Hello everyone.
I’m looking to optimize a couple of parameters of a given function using Tune.
This function uses some files and can’t be parallelized. However I have coded the trainable in a way that allows to interleave the trials (using checkpoints) between file usages.
Overall, the training is working in the way I thought would work (1 trial opens a file and runs a “iteration”, next trial runs another “iteration” on the same file until all trials have ran 1 “iteration” on an open file, then the 2nd file is opened and the cycle repeats).
However, when using some search algorithms, usually the trials get terminated after 1 or 2 iterations, when in reality a full training should be about 30 iterations.
Any tips on how to get this to work?
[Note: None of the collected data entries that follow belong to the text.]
Lemma natr_fact_neq0 (R : numDomainType) n : (n`!%:R : R) != 0.
Proof. by rewrite pnatr_eq0 -lt0n fact_gt0. Qed.

Lemma sum_perm_const (R : pzSemiRingType) n (c : R) : \sum_(s : 'S_n) c = n`!%:R * c.
Proof. by rewrite sumr_const card_Sn mulr_natl. Qed.

Section TupleSums.
Variables (T : finType) (V : nmodType).
Local Notation tp n := (n.-tuple T).

Lemma sum_tuple0 (F : tp 0 -> V) : \sum_(t : tp 0) F t = F [tuple].
Proof.
by rewrite (big_pred1 [tuple]) // => t; apply/esym/eqP/val_inj; case: t => [[]].
Qed.

Lemma sum_tuple_cons n (F : seq T -> V) :
  \sum_(t : tp n.+1) F t = \sum_(c : T) \sum_(t : tp n) F (c :: t).
Proof.
rewrite pair_big /= (reindex (fun pr : T * tp n => cons_tuple pr.1 pr.2)) //=.
exists (fun t : tp n.+1 => (thead t, behead_tuple t)) => [[c t] _ | t _] /=.
  by rewrite theadE; congr pair; apply: val_inj.
by rewrite [in RHS](tuple_eta t).
Qed.

Lemma sum_tuple_cat n a b (F : seq T -> V) : n = (a + b)%N ->
  \sum_(t : tp n) F t = \sum_(t1 : tp a) \sum_(t2 : tp b) F (t1 ++ t2).
Proof.
move=> ->; elim: a F => [|a IH] F.
  by rewrite (sum_tuple0 (fun t1 => \sum_(t2 : tp b) F (t1 ++ t2))).
rewrite (sum_tuple_cons (a + b) F).
rewrite (sum_tuple_cons a (fun t => \sum_(t2 : tp b) F (t ++ t2))).
apply: eq_bigr => c _.
exact: (IH (fun t => F (c :: t))).
Qed.

Lemma sum_tuple_cast a b (F : seq T -> V) : a = b ->
  \sum_(t : tp a) F t = \sum_(t : tp b) F t.
Proof. by move=> ->. Qed.

End TupleSums.

Section Fock.
Variable N : nat.
Local Notation tp n := (n.-tuple 'I_N).

(** * Symmetrizer *)

Definition permt n (y : tp n) (s : 'S_n) : tp n := [tuple tnth y (s i) | i < n].

Lemma permtM n (y : tp n) s t : permt (permt y s) t = permt y (t * s)%g.
Proof. by apply: eq_from_tnth => i; rewrite !tnth_mktuple permM. Qed.

Lemma permt1 n (y : tp n) : permt y 1%g = y.
Proof. by apply: eq_from_tnth => i; rewrite !tnth_mktuple perm1. Qed.

Lemma perm_eq_permt n (y : tp n) s : perm_eq (permt y s) y.
Proof. by apply/tuple_permP; exists s. Qed.

Lemma eq_permtV n (x y : tp n) s : (x == permt y s) = (y == permt x s^-1).
Proof.
apply/eqP/eqP => [->|->]; by rewrite permtM ?mulgV ?mulVg permt1.
Qed.

Lemma symTE n (x y : tp n) :
  symT x y = (n`!%:R)^-1 * \sum_(s : 'S_n) (x == permt y s)%:R.
Proof. by []. Qed.

Lemma symTC n (x y : tp n) : symT x y = symT y x.
Proof.
rewrite !symTE (reindex_inj invg_inj); congr (_ * _); apply: eq_bigr => s _.
by rewrite eq_permtV invgK.
Qed.

Lemma symT_permt n (x y : tp n) s : symT x (permt y s) = symT x y.
Proof.
rewrite !symTE (reindex_inj (mulIg s^-1)%g) /=; congr (_ * _).
by apply: eq_bigr => t _; rewrite permtM -mulgA mulVg mulg1.
Qed.

Lemma symE n (x y : tp n) : sym n x y = symT x y.
Proof. by rewrite /sym !valK. Qed.

Lemma sym_eq0l n (x y : seq 'I_N) : size x != n -> sym n x y = 0.
Proof.
rewrite /sym; case: insubP => [tx _ <-|//]; by rewrite size_tuple eqxx.
Qed.

Lemma sym_eq0r n (x y : seq 'I_N) : size y != n -> sym n x y = 0.
Proof.
rewrite /sym; case: insubP => [tx _ _|//]; case: insubP => [ty _ <-|//].
by rewrite size_tuple eqxx.
Qed.

Lemma symC n (x y : seq 'I_N) : sym n x y = sym n y x.
Proof.
have [sx|sx] := boolP (size x == n); last by rewrite sym_eq0l // sym_eq0r.
have [sy|sy] := boolP (size y == n); last by rewrite sym_eq0r // sym_eq0l.
by rewrite -[x]/(val (Tuple sx)) -[y]/(val (Tuple sy)) !symE symTC.
Qed.

Lemma sym_perm_r n (x y y' : seq 'I_N) : perm_eq y y' -> sym n x y = sym n x y'.
Proof.
move=> pyy'; have sy' := perm_size pyy'.
have [sx|sx] := boolP (size x == n); last by rewrite !sym_eq0l.
have [sy|sy] := boolP (size y == n); last by rewrite !sym_eq0r // -sy'.
have sy'n : size y' == n by rewrite -sy'.
rewrite -[x]/(val (Tuple sx)) -[y]/(val (Tuple sy)) -[y']/(val (Tuple sy'n)) !symE.
have /tuple_permP [s es] : perm_eq (Tuple sy) (Tuple sy'n) by [].
have -> : Tuple sy = permt (Tuple sy'n) s by apply: val_inj.
by rewrite symT_permt.
Qed.

Lemma sym_perm_l n (x x' y : seq 'I_N) : perm_eq x x' -> sym n x y = sym n x' y.
Proof. by move=> h; rewrite symC (sym_perm_r _ _ h) symC. Qed.

Lemma sym_conj n (x y : seq 'I_N) : (sym n x y)^* = sym n x y.
Proof.
rewrite /sym; case: insubP => [tx _ _|]; last by rewrite conjC0.
case: insubP => [ty _ _|]; last by rewrite conjC0.
rewrite symTE rmorphM fmorphV /= conjC_nat rmorph_sum /=; congr (_ * _).
by apply: eq_bigr => s _; rewrite conjC_nat.
Qed.

Definition perm_inv n (f : seq 'I_N -> algC) :=
  forall y y', size y = n -> perm_eq y y' -> f y = f y'.

Lemma perm_inv_cons n (f : seq 'I_N -> algC) c :
  perm_inv n.+1 f -> perm_inv n (fun t => f (c :: t)).
Proof. by move=> h y y' sy pyy'; apply: h; rewrite /= ?sy // perm_cons. Qed.

Lemma perm_inv_sym n (x : seq 'I_N) : perm_inv n (sym n x).
Proof. by move=> y y' _; apply: sym_perm_r. Qed.

Lemma perm_inv_conj n (f : seq 'I_N -> algC) :
  perm_inv n f -> perm_inv n (fun w => (f w)^*).
Proof. by move=> h y y' s p; rewrite (h y y'). Qed.

Lemma symH_perm_inv n (f : vect N) : symH n f -> perm_inv n f.
Proof.
move=> h y y' sy pyy'.
have sy1 : size y == n by rewrite sy.
have sy2 : size y' == n by rewrite -(perm_size pyy') sy.
rewrite -[y]/(val (Tuple sy1)) -[y']/(val (Tuple sy2)) -!h.
by apply: eq_bigr => t _; rewrite (sym_perm_l _ _ pyy').
Qed.

(* Both identities come from reindexing by [y = permt x s^-1]. *)
Lemma sym_fix n (f : seq 'I_N -> algC) : perm_inv n f ->
  forall x : tp n, \sum_(y : tp n) sym n x y * f y = f x.
Proof.
move=> hf x.
under eq_bigr => y _ do rewrite symE symTE -mulrA big_distrl /=.
rewrite -big_distrr /= exchange_big /=.
under eq_bigr => s _.
  under eq_bigr => y _ do rewrite eq_permtV.
  rewrite sum_indicator -(hf x (permt x s^-1)) ?size_tuple //; last first.
    by rewrite perm_sym perm_eq_permt.
over.
by rewrite sum_perm_const mulrA mulVf ?mul1r // natr_fact_neq0.
Qed.

Lemma sym_absorb a n (u v : seq 'I_N) (w : tp n) :
  \sum_(t : tp n) sym (a + n) u (v ++ t) * sym n t w = sym (a + n) u (v ++ w).
Proof.
under eq_bigr => t _ do rewrite symE symTC symTE mulrCA big_distrr /=.
rewrite -big_distrr /= exchange_big /=.
under eq_bigr => s _.
  under eq_bigr => t _ do rewrite eq_permtV mulrC.
  rewrite sum_indicator (@sym_perm_r _ _ _ (v ++ w)); last first.
    by rewrite perm_cat2l perm_eq_permt.
over.
by rewrite sum_perm_const mulrA mulVf ?mul1r // natr_fact_neq0.
Qed.

Lemma sym_idem n (x y : seq 'I_N) :
  \sum_(t : tp n) sym n x t * sym n t y = sym n x y.
Proof.
have [sy|sy] := boolP (size y == n).
  by rewrite -[y]/(val (Tuple sy)) (@sym_absorb 0 n x [::] (Tuple sy)).
by rewrite [RHS]sym_eq0r // big1 // => t _; rewrite [sym n t y]sym_eq0r ?mulr0.
Qed.

(** * Expansion of the symmetrizer along one slot *)

Definition del_nth (T : Type) (p : nat) (u : seq T) := take p u ++ drop p.+1 u.

Definition del_nth_tuple n (p : 'I_n.+1) (u : tp n.+1) : tp n :=
  [tuple tnth u (lift p k) | k < n].

Lemma del_nth_tupleE n p (u : tp n.+1) : val (del_nth_tuple p u) = del_nth p u.
Proof.
have x0 := tnth u p.
apply: (@eq_from_nth _ x0).
  rewrite size_tuple /del_nth size_cat size_take size_drop size_tuple ltn_ord.
  by case: p => /= p; lia.
move=> i; rewrite size_tuple => lti.
rewrite -[i]/(nat_of_ord (Ordinal lti)) -tnth_nth tnth_mktuple (tnth_nth x0) /=.
rewrite /del_nth nth_cat size_take size_tuple ltn_ord /bump.
case: ltnP => hip; first by rewrite nth_take // leqNgt hip.
by rewrite nth_drop; congr nth; rewrite /=; lia.
Qed.

Lemma nth_del_nth_mid p (J1 J2 : seq 'I_N) d c :
  size J1 = p -> nth c (J1 ++ d :: J2) p = d /\ del_nth p (J1 ++ d :: J2) = J1 ++ J2.
Proof.
move=> s1; rewrite nth_cat /del_nth take_cat drop_cat s1 ltnn subnn take0 cats0.
by rewrite ltnNge leqnSn /= subSn // subnn; case: J2.
Qed.

Lemma del_nth_catl p (J z : seq 'I_N) :
  (p < size J)%N -> del_nth p (J ++ z) = del_nth p J ++ z.
Proof.
move=> h; rewrite /del_nth take_cat h -catA; congr (_ ++ _).
rewrite drop_cat; case: ltnP => // h2.
have e : size J = p.+1 by apply/eqP; rewrite eqn_leq h h2.
by rewrite e subnn drop0 drop_oversize ?e.
Qed.

Lemma del_nth_catr q (J z : seq 'I_N) :
  del_nth (size J + q) (J ++ z) = J ++ del_nth q z.
Proof.
rewrite /del_nth take_cat drop_cat ltnNge leq_addr /= -addnS ltnNge leq_addr /=.
by rewrite !addKn catA.
Qed.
I’ll share some snippets of my code as well as my tune config
def trainable(config, checkpoint_dir=None):
if checkpoint_dir:
#here I load the current open file
#here I execute my code and produce some metrics for Ray
with tune.checkpoint_dir(step=current_file) as checkpoint_dir:
#here I dump some variables
yield {"metric": metric}
And here is my tune.run config
bohb_hyperband = HyperBandForBOHB(
time_attr="training_iteration",
max_t=100,
reduction_factor=4,
metric="metric",
mode="max")
bohb_search = TuneBOHB(
max_concurrent=1,
metric="metric",
mode="max")
return tune.run(trainable,
config= # 2 uniform search spaces,
name="bohb_search",
scheduler=bohb_hyperband,
stop={"training_iteration": 100},
search_alg=bohb_search,
num_samples=10,
resources_per_trial={"cpu": 15} # I use this to limit trial execution to 1 at a time
)
To note that each iteration also takes some time (20/40 seconds) and I’m unsure if that is affecting the training process.
Any help is appreciated!